MacOS X Just Works - After Tricking It
posted Friday Oct 19, 2012 by Scott Ertz
On Wednesday of this week, Apple pushed out an "update" to Lion and Mountain Lion, removing Java support from all browsers installed on the computer. It also uninstalls the Java preferences application, as it is not needed to set preferences for a framework that is not installed. This leaves the computer completely unable to interact with any Java-based software on the Internet in its current state. When getting to Java software, the user will be presented with a placeholder, similar to a new computer that does not yet have Flash installed, that informs the user that there is a plug-in missing. To use that website, the user will have to re-install Java.
Yes, Apple is not preventing you from using Java on the computer, they are just making it a more difficult process. This is part of Apple's war on the Internet, which started with Mobile Flash being absent from the iPhone, iPod Touch and iPad. Unlike Apple's dislike of Adobe, which they are almost single-handedly responsible for being successful, this move has less to do with hurting a former lover and more to do with appearing to not be responsible for MacOS X's security issues.
Earlier in the year, Apple had a lot of problems with security issues, provided almost entirely by Oracles Java framework. In fact, Java is known within the software industry as a disaster when it comes to security. It is one of the easiest ways for an outside system to access your computer and take over its operations. Oracle had to rush out a patch to the Apple version of the framework after it was learned that there was a MASSIVE security hole, and Apple did the same, patching holes in the OS that were exposed through Java.
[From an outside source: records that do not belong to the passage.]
Lemma ramp_ge0 {s} : 0 <= ramp c s.
Proof. by apply: sumr_ge0 => k _; rewrite mulr_ge0 ?clamp01_ge0. Qed.

Lemma ramp_le {s1 s2} : s1 <= s2 -> ramp c s1 <= ramp c s2.
Proof.
move=> s12; have s2N := ltW (truncnS_gt s2).
rewrite (ramp_sumE _ s2N) (ramp_sumE _ (le_trans s12 s2N)).
by apply: ler_sum => k _; rewrite ler_wpM2l ?clamp01_le ?lerD2r.
Qed.

Lemma ramp_classN : classN (ramp c).
Proof.
split; first by apply: continuous_subspaceT; exact: ramp_continuous.
by split; [exact: ramp0|split=> [s _|s1 s2 _]; [exact: ramp_ge0|exact: ramp_le]].
Qed.

Lemma ramp_ge_coef {s j} : j.+1%:R <= s -> c j <= ramp c s.
Proof.
move=> js; have sN := ltW (truncnS_gt s).
have jN : (j < (Num.truncn s).+1)%N.
  by rewrite -(ltr_nat R) (lt_le_trans _ (le_trans js sN)) ?ltr_nat.
rewrite (ramp_sumE _ sN) (big_cat_nat (leq0n j) (ltnW jN)) /= [X in _ + X]big_ltn //.
rewrite clamp01_eq1 ?mulr1; last by rewrite lerBrDr addrC natr1.
have below : 0 <= \sum_(0 <= k < j) c k * clamp01 (s - k%:R).
  by apply: sumr_ge0 => k _; rewrite mulr_ge0 ?clamp01_ge0.
have above : 0 <= \sum_(j.+1 <= k < (Num.truncn s).+1) c k * clamp01 (s - k%:R).
  by apply: sumr_ge0 => k _; rewrite mulr_ge0 ?clamp01_ge0.
lra.
Qed.

Lemma ramp_le_sum {s M} : s <= M%:R -> ramp c s <= \sum_(0 <= k < M) c k.
Proof.
move=> sM; rewrite (ramp_sumE _ sM); apply: ler_sum => k _.
by rewrite ler_piMr ?clamp01_le1.
Qed.

End NonnegativeCoefficients.

Lemma ramp_le_coef c1 c2 s : (forall k, c1 k <= c2 k) -> ramp c1 s <= ramp c2 s.
Proof. by move=> c12; apply: ler_sum => k _; rewrite ler_wpM2r ?clamp01_ge0. Qed.

End Ramp.

Section KLMajorant.
Context {R : realType} {w : R -> R -> R} {c : R -> R}.
Hypotheses (c_classN : classN c)
  (w_ge0 : forall {s t}, 0 <= s -> 0 <= t -> 0 <= w s t)
  (w_nondecr : forall {s1 s2 t}, 0 <= s1 -> s1 <= s2 -> 0 <= t -> w s1 t <= w s2 t)
  (w_nonincr : forall {s t1 t2}, 0 <= s -> 0 <= t1 -> t1 <= t2 -> w s t2 <= w s t1)
  (w_cvg0 : forall {s}, 0 <= s -> w s t @[t --> +oo] --> 0)
  (w_le_c : forall {s}, w s 0 <= c s).

(* On [[j, j + 1]], [V s t >= w (j + 1) t >= w s t]. *)
Let V s t := ramp (fun k => w k.+1%:R t) (s + 1).

Let V_coef_ge0 {t} : 0 <= t -> forall k, 0 <= w k.+1%:R t.
Proof. by move=> t0 k; apply: w_ge0. Qed.

Let V_ge0 {s t} : 0 <= t -> 0 <= V s t.
Proof. by move=> t0; apply/ramp_ge0/V_coef_ge0. Qed.

Let V_ge_w {s t} : 0 <= s -> 0 <= t -> w s t <= V s t.
Proof.
move=> s0 t0; apply: le_trans (w_nondecr s0 (ltW (truncnS_gt s)) t0) _.
by rewrite /V (ramp_ge_coef (V_coef_ge0 t0)) // -natr1 lerD2r truncn_le.
Qed.

Let V_nonincr {s t1 t2} : 0 <= t1 -> t1 <= t2 -> V s t2 <= V s t1.
Proof. by move=> t10 t12; apply: ramp_le_coef => k; apply: w_nonincr. Qed.

Let V_continuous t : continuous (V^~ t).
Proof.
move=> s; apply: continuous_comp; last exact: ramp_continuous.
by apply: continuousD; [exact: cvg_id|exact: cst_continuous].
Qed.
Theorem corollary1 (R : realType) (phi : R -> R[i]) (T : R)
  (xi1 xi2 : R[i]) (x01 x02 u1 u2 : R -> R[i]) :
  L2 `]-1, 0[ phi -> 1 < T ->
  L2 `]-1, 0[ x01 -> L2 `]-1, 0[ x02 ->
  optimal_control T phi xi1 x01 u1 ->
  optimal_control T phi xi2 x02 u2 ->
  optimal_control T phi (xi1 + xi2) (fun t => x01 t + x02 t) (fun t => u1 t + u2 t).
Proof.
move=> _ _ _ _ opt1 opt2; have [adm1 _] := opt1; have [adm2 _] := opt2.
have adm12 : admissible T phi (xi1 + xi2) (fun t => x01 t + x02 t) (fun t => u1 t + u2 t).
  by apply: eq_admissible (admissible_lincomb 1 1 adm1 adm2) => [|s|s]; lincomb_ring.
split=> // v adm_v.
have adm_w : admissible T phi 0 (fun=> 0) (lincomb 1 (-1) v (fun t => u1 t + u2 t)).
  by apply: eq_admissible (admissible_lincomb 1 (-1) adm_v adm12) => [|s|s]; lincomb_ring.
set w := lincomb 1 (-1) v _ in adm_w.
have [Lu1 _] := adm1; have [Lu2 _] := adm2; have [Lu12 _] := adm12; have [Lw _] := adm_w.
have -> : v = lincomb 1 1 (fun t => u1 t + u2 t) w.
  by apply/funext => s; rewrite /w; lincomb_ring.
rewrite L2normsq_lincomb // L2dotDl // (optimal_control_orthogonal opt1 adm_w)
  (optimal_control_orthogonal opt2 adm_w).
by have := L2normsq_ge0 `]0, T[ w; rewrite expr1n; lra.
Qed.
I believe that Apple believes that, without Java pre-installed on the operating system, that people will not blame Apple for future holes in software that they are forced to download and install themselves. My guess is they will also be able to get away with not patching holes as quickly if users are led to believe it is their own fault their computer was hijacked. This does bring to light more evidence that Apple's computers are not the Fort Knox that owners are led to believe. Until now Apples were only safe because there were only 8 of them in the wild and no one was going to spend their time writing any code for them, let alone malicious. As more people purchase the computers for their perceived security, they become bigger security risks. Classic catch 22, eh?